Continuing on with my coverage of the Supreme Court's ruling on the Patient Protection and Affordable Care Act (the "Act") (read my previous posts here, here, and here), there is some updated information information available for employers. Under the Act, some franchisees will qualify as small employers for certain exemptions, but many (including multi-unit owners) will not. As a result, franchisors and franchisees need to educate themselves regarding the Act and what it will require them to do in both the short term and the long term.
The Patient Protection and Affordable Care Act requires employers to report the cost of coverage under an employer-sponsored group health or medical plan. This requirement was optional for all employers in 2011. For 2012 (meaning Forms W-2 for calendar year 2012 generally furnished to employees in 2013), the reporting requirement is now mandatory for sponsors of group health or medical plans, except for certain qualified small employers.

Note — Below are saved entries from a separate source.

Lemma det_add_rank1 P al r :
  \det (P + al *m r) = \det P + (r *m \adj P *m al) 0 0.
Proof.
have -> : P + al *m r = add_rank1_on P al r (enum 'I_n).
  by apply/matrixP => i j; rewrite !mxE mem_enum big_ord1.
rewrite det_add_rank1_on ?enum_uniq //; congr (_ + _).
rewrite big_enum /= mxE; apply: eq_bigr => k _.
rewrite (expand_det_row _ k) mxE big_distrr big_distrl /=.
by apply: eq_bigr => j _; rewrite cofactor_set_row !mxE eqxx; ring.
Qed.

End RankOneUpdate.

Section GramMatrix.
Variable R : realFieldType.

Definition gram m n (Y : 'M[R]_(m, n)) (d : 'I_m -> R) : 'M[R]_n :=
  Y^T *m diag_mx (\row_l d l) *m Y.

Definition qform n (P : 'M[R]_n) (v : 'rV[R]_n) : R := (v *m P *m v^T) 0 0.

Lemma gramE m n (Y : 'M[R]_(m, n)) d a b :
  gram Y d a b = \sum_l d l * (Y l a * Y l b).
Proof.
rewrite /gram !mxE; apply: eq_bigr => l _.
by rewrite mul_mx_diag !mxE; ring.
Qed.

Lemma tr_gram m n (Y : 'M[R]_(m, n)) d : (gram Y d)^T = gram Y d.
Proof. by rewrite /gram !trmx_mul tr_diag_mx trmxK mulmxA. Qed.

Lemma qform_gram m n (Y : 'M[R]_(m, n)) d v :
  qform (gram Y d) v = \sum_l d l * ((v *m Y^T) 0 l) ^+ 2.
Proof.
rewrite /qform /gram !mulmxA -[v *m Y^T *m _ *m Y *m v^T]mulmxA.
rewrite -[Y *m v^T]trmxK trmx_mul trmxK mxE.
by apply: eq_bigr => l _; rewrite mul_mx_diag !mxE; ring.
Qed.

Lemma qform_mulmx_tr k n (S : 'M[R]_(k, n)) (P : 'M[R]_n) v :
  qform (S *m P *m S^T) v = qform P (v *m S).
Proof. by rewrite /qform trmx_mul !mulmxA. Qed.

Lemma qform_eq0 n (P : 'M[R]_n) v : v *m P = 0 -> qform P v = 0.
Proof. by move=> vP; rewrite /qform vP mul0mx mxE. Qed.

Lemma qform_add_scalar n (P : 'M[R]_n) (s : R) v :
  qform (P + s%:M) v = qform P v + s * \sum_k v 0 k ^+ 2.
Proof.
rewrite /qform mulmxDr mulmxDl mxE; congr (_ + _).
rewrite mul_mx_scalar -scalemxAl mxE; congr (_ * _).
by rewrite mxE; apply: eq_bigr => k _; rewrite mxE expr2.
Qed.

Section NonnegWeights.
Variables (m n : nat) (Y : 'M[R]_(m, n)) (d : 'I_m -> R).
Hypothesis d_ge0 : forall l, 0 <= d l.
Implicit Type v : 'rV[R]_n.

Lemma qform_gram_ge0 v : 0 <= qform (gram Y d) v.
Proof.
by rewrite qform_gram; apply: sumr_ge0 => l _; rewrite mulr_ge0 ?sqr_ge0.
Qed.

Lemma mul_gram_eq0 v :
  (forall l, d l * (v *m Y^T) 0 l = 0) -> v *m gram Y d = 0.
Proof.
move=> vY; rewrite /gram !mulmxA.
suff -> : v *m Y^T *m diag_mx (\row_l d l) = 0 by rewrite mul0mx.
apply/matrixP => i j.
by rewrite mul_mx_diag (ord1 i) mxE [(\row_l d l) 0 j]mxE mulrC vY mxE.
Qed.

Lemma qform_gram_eq0 v : qform (gram Y d) v = 0 ->
  forall l, d l * (v *m Y^T) 0 l = 0.
Proof.
rewrite qform_gram => /psumr_eq0P sum0 l.
have := sum0 (fun l _ => mulr_ge0 (d_ge0 l) (sqr_ge0 _)) l isT.
move=> dvY0; apply/eqP; rewrite -sqrf_eq0; apply/eqP.
by rewrite exprMn expr2 -mulrA dvY0 mulr0.
Qed.

Lemma qform_gram_gt0 v : \det (gram Y d) != 0 -> v != 0 -> 0 < qform (gram Y d) v.
Proof.
move=> det0 v0; rewrite lt_def qform_gram_ge0 andbT.
apply: contra det0 => /eqP /qform_gram_eq0 /mul_gram_eq0 vY0.
by apply/det0P; exists v.
Qed.

End NonnegWeights.
End GramMatrix.

Section PosDef.
Variable R : rcfType.

Lemma horner_char_poly_opp n (P : 'M[R]_n) (s : R) :
  (char_poly (- P)).[s] = \det (P + s%:M).
Proof.
rewrite -horner_evalE /char_poly -det_map_mx; congr (\det _).
apply/matrixP => i j; rewrite !mxE /= horner_evalE.
by case: (i == j); rewrite /= ?mulr1n ?mulr0n !hornerE opprK // addrC.
Qed.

The Internal Revenue Service recently updated its online “Frequently Asked Questions” to clarify certain issues. These include: the type of employers subject to the reporting requirements; whether reporting is mandatory or optional for a particular type of coverage; whether the employee portion of applicable premiums needs to be reported; and where on Form W-2 the premium costs should be reported. For example, dental and vision plans not integrated into another group medical or health plan are among the types of coverage within the optional reporting category.